» **The task**:
Would you please return the lines of the entries below starting at the line that has "exact: manhattan_grid_pred |]." and ending at the line that has "by rewrite dist_grid (manhattan_le v w).", both included, exactly as they are?

[Saved entries]
▼▼▼
(* Among the grid graphs $P_m \Box P_n$ with $2 \leq m \leq n$, the only diametrical one is $P_2 \Box P_2$.
   Context: $P_k$ is the path on $k$ vertices and $\Box$ the Cartesian product of graphs. Let $G=(V,E)$ be a finite connected graph with distance $d(u,v)$, eccentricity $e(v)=\max_w d(v,w)$ and diameter $\mathrm{diam}(G)=\max_v e(v)$. A broadcast is a function $f: V\to\{0,\dots,\mathrm{diam}(G)\}$ with $f(v)\le e(v)$; its cost is $\sum_v f(v)$; it is dominating if every $u$ has some $v$ with $f(v)\ge 1$ and $d(u,v)\le f(v)$; a dominating broadcast is minimal if decreasing $f(v)$ for any $v$ with $f(v)>0$ destroys domination. $\Gamma_b(G)$ is the maximum cost of a minimal dominating broadcast, and $G$ is called diametrical if $\Gamma_b(G)=\mathrm{diam}(G)$. *)

From mathcomp Require Import all_boot.
Set Implicit Arguments. Unset Strict Implicit. Unset Printing Implicit Defensive.

Section Graphs.
Variables (T : finType) (e : rel T).

Fixpoint ball (k : nat) (u : T) : {set T} :=
  match k with
  | 0 => [set u]
  | k'.+1 => ball k' u :|: [set y | [exists x in ball k' u, e x y]]
  end.

(* graph distance: least k with v in ball k u (distances in a connected
   graph on #|T| vertices are < #|T|; value #|T| if unreachable) *)
Definition dist (u v : T) : nat := find (fun k => v \in ball k u) (iota 0 #|T|).

Definition ecc (v : T) : nat := \max_(w : T) dist v w.
Definition diam : nat := \max_(v : T) ecc v.

Definition connected_graph : Prop := forall u v : T, connect e u v.

Definition is_broadcast (f : T -> nat) : bool :=
  [forall v, (f v <= diam) && (f v <= ecc v)].

Definition bcost (f : T -> nat) : nat := \sum_(v : T) f v.

Definition dominating (f : T -> nat) : bool :=
  [forall u, [exists v, (0 < f v) && (dist u v <= f v)]].

Definition bupd (f : T -> nat) (v : T) (k : nat) : T -> nat :=
  fun w => if w == v then k else f w.

Definition minimal_dominating (f : T -> nat) : bool :=
  is_broadcast f && dominating f &&
  [forall v, [forall k : 'I_diam.+1,
     (0 < f v) && (k < f v) ==> ~~ dominating (bupd f v k)]].

Definition Gamma_b : nat :=
  \max_(f : {ffun T -> 'I_diam.+1} | minimal_dominating (fun v => val (f v)))
     bcost (fun v => val (f v)).

Definition diametrical : Prop := Gamma_b = diam.

End Graphs.

Definition path_rel (k : nat) : rel 'I_k := fun i j => (i.+1 == j) || (j.+1 == i).

Definition cart_rel (A B : finType) (eA : rel A) (eB : rel B) : rel (A * B)%type :=
  fun x y => ((x.1 == y.1) && eB x.2 y.2) || ((x.2 == y.2) && eA x.1 y.1).

Definition grid (m n : nat) : rel ('I_m * 'I_n)%type :=
  cart_rel (@path_rel m) (@path_rel n).
Arguments grid : clear implicits.
Arguments path_rel : clear implicits.

From mathcomp Require Import all_boot ssrint zify.
From Stdlib Require Import FunctionalExtensionality.
Set Implicit Arguments. Unset Strict Implicit. Unset Printing Implicit Defensive.

(* Graph distance in P_m [] P_n is the Manhattan distance, so the diameter is
   m + n - 2.  Broadcasting with strength n - 1 from the corner (0, 0) and
   m + n - 3 from the corner (m - 1, 0) dominates the grid, and it is minimal:
   on the last row, (0, n - 1) hears only the first corner and (1, n - 1) only
   the second, each at exactly its range.  Its cost m + 2n - 4 exceeds the
   diameter as soon as n >= 3.  On the 4-cycle P_2 [] P_2 a minimal dominating
   broadcast either has a single vertex of strength 2, or has strengths at most
   1 on at most two vertices, since two antipodal vertices of strength 1 already
   dominate the cycle. *)

Section DistanceCharacterization.
Variables (T : finType) (e : rel T) (d : T -> T -> nat).
Hypothesis d_eq0 : forall u v, (d u v == 0) = (v == u).
Hypothesis d_edge : forall u x y, e x y -> d u y <= (d u x).+1.
Hypothesis d_pred : forall u v, u != v -> exists2 x, e x v & (d u x).+1 = d u v.

Lemma ball_eq k u : ball e k u = [set v | d u v <= k].
Proof.
elim: k => [|k IH] /=; apply/setP => v; rewrite [in RHS]inE.
  by rewrite in_set1 leqn0 d_eq0.
rewrite in_setU IH !inE; apply/idP/idP.
- case/orP => [/leqW //|/existsP [x]].
  by rewrite inE => /andP [dx exv]; rewrite (leq_trans (d_edge u exv)).
- rewrite leq_eqVlt ltnS => /orP [/eqP dv|-> //]; apply/orP; right.
  have uv : u != v by rewrite eq_sym -d_eq0 dv.
  have [x exv dx] := d_pred uv.
  by apply/existsP; exists x; rewrite inE exv andbT -ltnS dx dv.
Qed.

Lemma find_iota_leq k N : k < N -> find (leq k) (iota 0 N) = k.
Proof.
move=> ltkN; rewrite -(subnKC (ltnW ltkN)) iotaD find_cat size_iota.
have -> : has (leq k) (iota 0 k) = false.
  by apply/hasPn => i; rewrite mem_iota -ltnNge.
by case: (N - k) (ltkN) => [|r]; rewrite ?addn0 //= leqnn addn0.
Qed.

Lemma dist_eq u v : d u v < #|T| -> dist e u v = d u v.
Proof.
move=> lt_d; rewrite /dist -(find_iota_leq lt_d).
by apply: eq_find => k; rewrite ball_eq inE.
Qed.

End DistanceCharacterization.

Definition manhattan m n (u v : 'I_m * 'I_n) : nat := `|u.1 - v.1| + `|u.2 - v.2|.

Lemma path_rel_pred k (a b : 'I_k) : a != b ->
  exists2 c, path_rel k c b & `|a - c|.+1 = `|a - b|.
Proof.
move=> neq_ab; case: (ltngtP a b) => [ltab|ltba|eq_ab].
- have ltb1 : b.-1 < k by have := ltn_ord b; lia.
  by exists (Ordinal ltb1); rewrite /path_rel /=; [apply/orP; left; apply/eqP|]; lia.
- have ltb1 : b.+1 < k by have := ltn_ord a; lia.
  by exists (Ordinal ltb1); rewrite /path_rel /=; [apply/orP; right; apply/eqP|]; lia.
- by rewrite (val_inj eq_ab) eqxx in neq_ab.
Qed.

Section Grid.
Variables m n : nat.
Implicit Types u v x y : 'I_m * 'I_n.

Lemma manhattan_eq0 u v : (manhattan u v == 0) = (v == u).
Proof.
case: u v => [a b] [c d]; rewrite /manhattan xpair_eqE -!val_eqE /=; lia.
Qed.

Lemma manhattan_grid_edge u x y : grid m n x y -> manhattan u y <= (manhattan u x).+1.
Proof.
case: u x y => [a b] [c d] [c' d']; rewrite /grid /cart_rel /path_rel /manhattan /=.
rewrite -!val_eqE /=; lia.
Qed.

Lemma manhattan_grid_pred u v : u != v ->
  exists2 x, grid m n x v & (manhattan u x).+1 = manhattan u v.
Proof.
case: u v => [a b] [c d]; rewrite xpair_eqE negb_and /grid /cart_rel /manhattan /=.
case: (eqVneq a c) => [<-|ac] /= bd.
- have [b' pb'd db'] := path_rel_pred bd.
  by exists (a, b'); rewrite /= ?eqxx ?pb'd //; lia.
- have [a' pa'c da'] := path_rel_pred ac.
  by exists (a', d); rewrite /= ?eqxx ?pa'c ?orbT //; lia.
Qed.

Lemma manhattan_le u v : manhattan u v <= m.-1 + n.-1.
Proof.
case: u v => [a b] [c d]; rewrite /manhattan /=.
have := ltn_ord a; have := ltn_ord b; have := ltn_ord c; have := ltn_ord d; lia.
Qed.

Lemma dist_grid u v : dist (grid m n) u v = manhattan u v.
Proof.
apply: dist_eq; [exact: manhattan_eq0 | exact: manhattan_grid_edge
  | exact: manhattan_grid_pred |].
rewrite card_prod !card_ord (leq_ltn_trans (manhattan_le u v)) //.
case: u => [a b]; have := ltn_ord a; have := ltn_ord b; nia.
Qed.

End Grid.

Lemma diam_grid m n : diam (grid m.+1 n.+1) = m + n.
Proof.
apply/eqP; rewrite eqn_leq; apply/andP; split.
- apply/bigmax_leqP => v _; apply/bigmax_leqP => w _.
  by rewrite dist_grid (manhattan_le v w).
- apply: (bigmax_sup (ord0, ord0)) => //; apply: (bigmax_sup (ord_max, ord_max)) => //.
  by rewrite dist_grid /manhattan /=; lia.
Qed.

Section Broadcasts.
Variables (T : finType) (e : rel T).
Implicit Types (f : T -> nat) (u v w : T).

Lemma dist_le_diam u v : dist e u v <= diam e.
Proof. by rewrite (leq_trans _ (leq_bigmax u)) // leq_bigmax. Qed.

Lemma minimal_dominating_le_diam f v : minimal_dominating e f -> f v <= diam e.
Proof. by case/andP => /andP [/forallP /(_ v) /andP []]. Qed.

Lemma redundant_not_minimal f w : 0 < f w ->
    (forall u, exists2 v, v != w & (0 < f v) && (dist e u v <= f v)) ->
  ~~ minimal_dominating e f.
Proof.
move=> fw_gt0 cover; apply/negP => /andP [_ /forallP /(_ w) /forallP /(_ ord0)].
rewrite fw_gt0 /= => /negP; apply; apply/forallP => u; apply/existsP.
by have [v vw hear] := cover u; exists v; rewrite /bupd (negbTE vw).
Qed.

Lemma minimal_dominating_diam f v : minimal_dominating e f ->
  0 < f v -> diam e <= f v -> forall w, w != v -> f w = 0.
Proof.
move=> fmin fv_gt0 diam_le w wv; apply/eqP; rewrite -leqn0 leqNgt; apply/negP => fw_gt0.
move: fmin; apply/negP; apply: (redundant_not_minimal fw_gt0) => u.
exists v; first by rewrite eq_sym.
by rewrite fv_gt0 (leq_trans (dist_le_diam u v)).
Qed.

Lemma minimal_dominating_private f : is_broadcast e f -> dominating e f ->
    (forall v, 0 < f v -> exists2 u, dist e u v = f v &
       forall w, w != v -> 0 < f w -> f w < dist e u w) ->
  minimal_dominating e f.
Proof.
move=> fbc fdom private; rewrite /minimal_dominating fbc fdom /=.
apply/forallP => v; apply/forallP => k; apply/implyP => /andP [fv_gt0 lt_kf].
have [u duv alone] := private v fv_gt0.
apply/forallPn; exists u; rewrite negb_exists; apply/forallP => w; rewrite /bupd.
case: (eqVneq w v) => [->|wv]; first by rewrite duv [f v <= _]leqNgt lt_kf andbF.
by apply/negP => /andP [fw_gt0]; rewrite leqNgt alone.
Qed.

Lemma bcost_le_Gamma_b f : minimal_dominating e f -> bcost f <= Gamma_b e.
Proof.
move=> fmin; pose F : {ffun T -> 'I_(diam e).+1} := [ffun v => inord (f v)].
have FE : f = (fun v => val (F v)).
  apply: functional_extensionality => v.
  by rewrite ffunE /= inordK // ltnS minimal_dominating_le_diam.
by rewrite FE in fmin *; exact: (leq_bigmax_cond F fmin).
Qed.

Lemma Gamma_b_le B :
  (forall f, minimal_dominating e f -> bcost f <= B) -> Gamma_b e <= B.
Proof. by move=> bound; apply/bigmax_leqP => F; apply: bound. Qed.

End Broadcasts.

Section CornerBroadcast.
Variables m n : nat.
Local Notation V := ('I_m.+2 * 'I_n.+2)%type.
Local Notation c0 := ((ord0, ord0) : V).
Local Notation c1 := ((ord_max, ord0) : V).

Definition corner_broadcast (v : V) : nat :=
  if v == c0 then n.+1 else if v == c1 then m + n.+1 else 0.

Variant corner_broadcast_spec (v : V) : nat -> Prop :=
  | CornerBroadcast0 of v = c0 : corner_broadcast_spec v n.+1
  | CornerBroadcast1 of v = c1 : corner_broadcast_spec v (m + n.+1)
  | CornerBroadcastOther : corner_broadcast_spec v 0.

Lemma corner_broadcastP v : corner_broadcast_spec v (corner_broadcast v).
Proof.
rewrite /corner_broadcast.
by case: eqP => [->|_]; [|case: eqP => [->|_]]; constructor.
Qed.

Lemma corner_broadcast_c0 : corner_broadcast c0 = n.+1.
Proof. by rewrite /corner_broadcast eqxx. Qed.

Lemma corner_broadcast_c1 : corner_broadcast c1 = m + n.+1.
Proof. by rewrite /corner_broadcast /= eqxx. Qed.

Lemma corner_broadcast_dominating : dominating (grid m.+2 n.+2) corner_broadcast.
Proof.
apply/forallP => -[i j]; apply/existsP.
have [le_ij|lt_ij] := leqP (i + j) n.+1.
  by exists c0; rewrite corner_broadcast_c0 dist_grid /manhattan /=; lia.
exists c1; rewrite corner_broadcast_c1 dist_grid /manhattan /=.
by have := ltn_ord i; have := ltn_ord j; lia.
Qed.

Lemma corner_broadcast_minimal :
  minimal_dominating (grid m.+2 n.+2) corner_broadcast.
Proof.
apply: minimal_dominating_private corner_broadcast_dominating _.
- apply/forallP => v; rewrite diam_grid.
  case: corner_broadcastP => [->|->|] //=; apply/andP; split; try lia;
    by apply: leq_trans (leq_bigmax (ord0, ord_max)); rewrite dist_grid /manhattan /=; lia.
- move=> v; case: corner_broadcastP => [->|->|] // _.
  + exists (ord0, ord_max); first by rewrite dist_grid /manhattan /=; lia.
    move=> w; case: corner_broadcastP => [->|->|] //.
    by rewrite dist_grid /manhattan /=; lia.
  + have one : (inord 1 : 'I_m.+2) = 1 :> nat by rewrite inordK.
    exists (inord 1, ord_max); first by rewrite dist_grid /manhattan /= one; lia.
    move=> w; case: corner_broadcastP => [->|->|] //; last by rewrite eqxx.
    by rewrite dist_grid /manhattan /= one; lia.
Qed.

Lemma bcost_corner_broadcast : bcost corner_broadcast = m + n.*2 + 2.
Proof.
have c1_neq_c0 : c1 != c0 by rewrite xpair_eqE andbT -val_eqE.
rewrite /bcost (bigD1 c0) // (bigD1 c1) //= corner_broadcast_c0 corner_broadcast_c1.
rewrite big1 => [|v /andP [v_c1 v_c0]]; first lia.
by case: corner_broadcastP v_c1 v_c0 => [->|->|]; rewrite ?eqxx.
Qed.

End CornerBroadcast.

Lemma Gamma_b_grid_ge m n : diam (grid m.+2 n.+2) + n <= Gamma_b (grid m.+2 n.+2).
Proof.
rewrite diam_grid (_ : _ + n = m + n.*2 + 2); last lia.
by rewrite -bcost_corner_broadcast bcost_le_Gamma_b ?corner_broadcast_minimal.
Qed.

Lemma grid22_antipodal_cover (p q u : 'I_2 * 'I_2) :
  p.1 != q.1 -> p.2 != q.2 -> (manhattan u p <= 1) || (manhattan u q <= 1).
Proof.
case: p q u => [a b] [c d] [x y]; rewrite -!val_eqE /manhattan /=.
have := ltn_ord a; have := ltn_ord b; have := ltn_ord c; have := ltn_ord d.
have := ltn_ord x; have := ltn_ord y; lia.
Qed.

Lemma bcost_grid22_le f : minimal_dominating (grid 2 2) f -> bcost f <= 2.
Proof.
move=> fmin; have diam2 : diam (grid 2 2) = 2 := diam_grid 1 1.
case: (boolP [exists v, 1 < f v]) => [/existsP [v fv_gt1]|/existsPn f_le1].
  have others0 : forall w, w != v -> f w = 0.
    by apply: minimal_dominating_diam fmin (ltnW fv_gt1) _; rewrite diam2.
  rewrite /bcost (bigD1 v) //= big1 ?addn0 => [|w /others0 //].
  by rewrite -diam2 minimal_dominating_le_diam.
have {}f_le1 v : f v <= 1 by rewrite leqNgt f_le1.
have no_three p q w : p.1 != q.1 -> p.2 != q.2 -> w != p -> w != q ->
    f p + f q + f w <= 2.
  move=> p1q1 p2q2 wp wq; rewrite leqNgt; apply/negP => sum3.
  have [fp_gt0 fq_gt0 fw_gt0] : [/\ 0 < f p, 0 < f q & 0 < f w].
    by have := f_le1 p; have := f_le1 q; have := f_le1 w; split; lia.
  move: fmin; apply/negP; apply: (redundant_not_minimal fw_gt0) => u.
  case/orP: (grid22_antipodal_cover u p1q1 p2q2) => [up|uq].
  + by exists p; rewrite 1?eq_sym // fp_gt0 dist_grid (leq_trans up).
  + by exists q; rewrite 1?eq_sym // fq_gt0 dist_grid (leq_trans uq).
have -> : bcost f = \sum_(i < 2) \sum_(j < 2) f (i, j).
  by rewrite /bcost pair_big /=; apply: eq_bigr => -[i j].
rewrite !big_ord_recl !big_ord0 (_ : lift ord0 ord0 = ord_max); last exact: val_inj.
have := no_three (ord0, ord0) (ord_max, ord_max) (ord0, ord_max) isT isT isT isT.
have := no_three (ord0, ord0) (ord_max, ord_max) (ord_max, ord0) isT isT isT isT.
have := no_three (ord0, ord_max) (ord_max, ord0) (ord0, ord0) isT isT isT isT.
have := no_three (ord0, ord_max) (ord_max, ord0) (ord_max, ord_max) isT isT isT isT.
lia.
Qed.

Theorem mainTheorem14 (m n : nat) :
  2 <= m -> m <= n ->
  (diametrical (grid m n) <-> (m = 2 /\ n = 2)).
Proof.
case: m n => [|[|m]] [|[|n]] // _ le_mn; rewrite /diametrical; split.
- by move=> Gamma_b_diam; have := Gamma_b_grid_ge m n; rewrite Gamma_b_diam; lia.
- case=> -> ->; have diam22 : diam (grid 2 2) = 2 := diam_grid 1 1.
  apply/eqP; rewrite diam22 eqn_leq (Gamma_b_le bcost_grid22_le) /=.
  by have := Gamma_b_grid_ge 0 0; rewrite diam22.
Qed.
▲▲▲
» **Result for this exercise**:
  | exact: manhattan_grid_pred |].
rewrite card_prod !card_ord (leq_ltn_trans (manhattan_le u v)) //.
case: u => [a b]; have := ltn_ord a; have := ltn_ord b; nia.
Qed.

End Grid.

Lemma diam_grid m n : diam (grid m.+1 n.+1) = m + n.
Proof.
apply/eqP; rewrite eqn_leq; apply/andP; split.
- apply/bigmax_leqP => v _; apply/bigmax_leqP => w _.
  by rewrite dist_grid (manhattan_le v w).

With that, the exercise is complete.